As you may have noticed, Darex, makers of the Work Sharp have discontinued the WSSA0002601 Tool Bar Attachment. My guess is Tormek sued them for capitalizing on Tormek's tool innovations to sell Work Sharp units.

I love my WS and want to implement the Tool Bar Attachment, in principle at least. I am Home Depot / McMaster Carr'ing a solution similar to the Stump Nubs solution. I will post pictures when done.

I have found the WS Tool Bar user manual on the internet, so I am 90% there. What I need are the Tool Stick Out (TSO) dimensions and the Bar Height (H) dimensions.

I am hoping to find someone who has the Tool Bar Attachment, and is willing to put some calipers on it to accurately measure the three bar height and the two TSO dimensions?










Thank you in advance!


----------



## Putttn (Feb 29, 2012)

I think I have one of those. I need to find it and then see if I can get you some dimensions.


----------



## Putttn (Feb 29, 2012)

TSO B=2", TSO A=2 1/2", H1=1/8", H2=3/8" AND H3=5/8".


----------



## OhioJohn (Dec 29, 2017)

Thank you!


----------



## Putttn (Feb 29, 2012)

Let me know if you need any more measurements.


----------



## mftfarmer (Feb 12, 2018)

I am interested in how you solved this problem. I am in a similar situation. Can you help?


----------



## OhioJohn (Dec 29, 2017)

I built this









I set the heights and depths from the table above. Works great!

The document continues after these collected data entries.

Theorem corollary3 (r : nat) (tau tau' : {perm V r}) :
  (1 <= r)%N -> tau 0 = 0 -> tau' 0 = 0 ->
  transitive_code (Sc tau) -> transitive_code (Sc tau') ->
  (exists (x : W2 r) (pi : {perm P r}), [set x + permw pi y | y in Sc tau] = Sc tau')
  <-> (exists pi' : {perm P r}, sqs_equiv pi' (SQS tau) (SQS tau')).
Proof.
move=> _ tau0 tau'0 trans _; split.
  case=> x [pi isoC]; have [rho codeE] := transitive_code_perm trans (Sc0 tau0) (Sc0 tau'0) isoC.
  exists rho; apply: sqs_equiv_of_code => // c.
  by rewrite -codeE mem_imset //; apply: can_inj (permwK rho).
case=> rho rho_equiv; exists 0, rho; rewrite -(Sc_image_of_sqs_equiv tau0 tau'0 rho_equiv).
by apply: eq_imset => y; rewrite add0r.
Qed.
Lemma reach_failure_le n h g r done : stab g -> I0 \subset Iset g ->
  round_inv g r done -> reach n h g r done <= 1 - success_bound.
Proof.
elim: n h g r done => [|n IH] h g r done g_stab I0_sub g_inv;
  have r_lt2 : (2 <= r)%N = false by case: r g_inv => [|[|]].
all: have [g_enl | g_Nenl] := boolP (enlarged g);
  first by rewrite reach_enlarged_eq0 // subr_ge0 success_bound_le1.
all: have activ_g := negbTE (activ_neq0 g_stab I0_sub g_Nenl).
  by rewrite /= r_lt2 activ_g subr_ge0 success_bound_le1.
rewrite reachS r_lt2 activ_g; cbv zeta.
set t := sched st h g; set C := candset adj B g t.
have t_act : t \subset activ g by case: (st_adm h g).
(* Either a node of V_1 executes Candidacy now, or the transition preserves
   [round_inv]. *)
case: (pickP [pred u | (u \in C) && (u \in Vgt 1)]) => [u /andP[uC u1] | no_cand].
  apply: (sum_weight_isolated_le adj_sym adj_irr g_stab uC u1) => S.
    by case: ifP => _; rewrite reach_le1.
  move=> uS uiso.
  have := enlarged_step_isolated (byzv st h g) g_stab I0_sub uC u1 uS uiso.
  by case: ifP => _ g'_enl; rewrite reach_enlarged_eq0 //; exact: step_stab.
have no_cand_Vgt1 u : u \in C -> u \notin Vgt 1.
  by move=> uC; have := no_cand u; rewrite /= uC => /negbT.
apply: sum_weight_le => S _; set g' := step g t (byzv st h g) S.
have g'_stab : stab g' by exact: step_stab.
have I0_sub' : I0 \subset Iset g' by apply: (subset_trans I0_sub); exact: Iset_step.
have [g'_enl | g'_Nenl] := boolP (enlarged g').
  by case: ifP => _; rewrite reach_enlarged_eq0 // subr_ge0 success_bound_le1.
have := round_inv_step g_stab t_act no_cand_Vgt1 I0_sub' g'_Nenl g_inv.
by case: ifP => _ g'_inv; apply: IH.
Qed.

12mm Bar - McMaster Carr - Epoxied in place
1/2-20 Tap & 1/2-20 All-Thread - Home Depot

Ran tap halfway through the block, then ran all thread in until bound.

Nice, tight & parallel!


----------



## jniphone (Mar 30, 2018)

Excellent job! Can you zoom in or show the back side? Can't quite conceptualize it. I have to build the same type of extension for mine. Thanks!


----------



## Sandon (Jan 31, 2014)

I too would be appreciative of a closer picture of the back. You seem to have done an excellent solution. Thank you.


----------



## PatA (May 16, 2019)

I realize this is a year+ old now but is it possible to get additional views, I don't follow how the threaded rods are working.


----------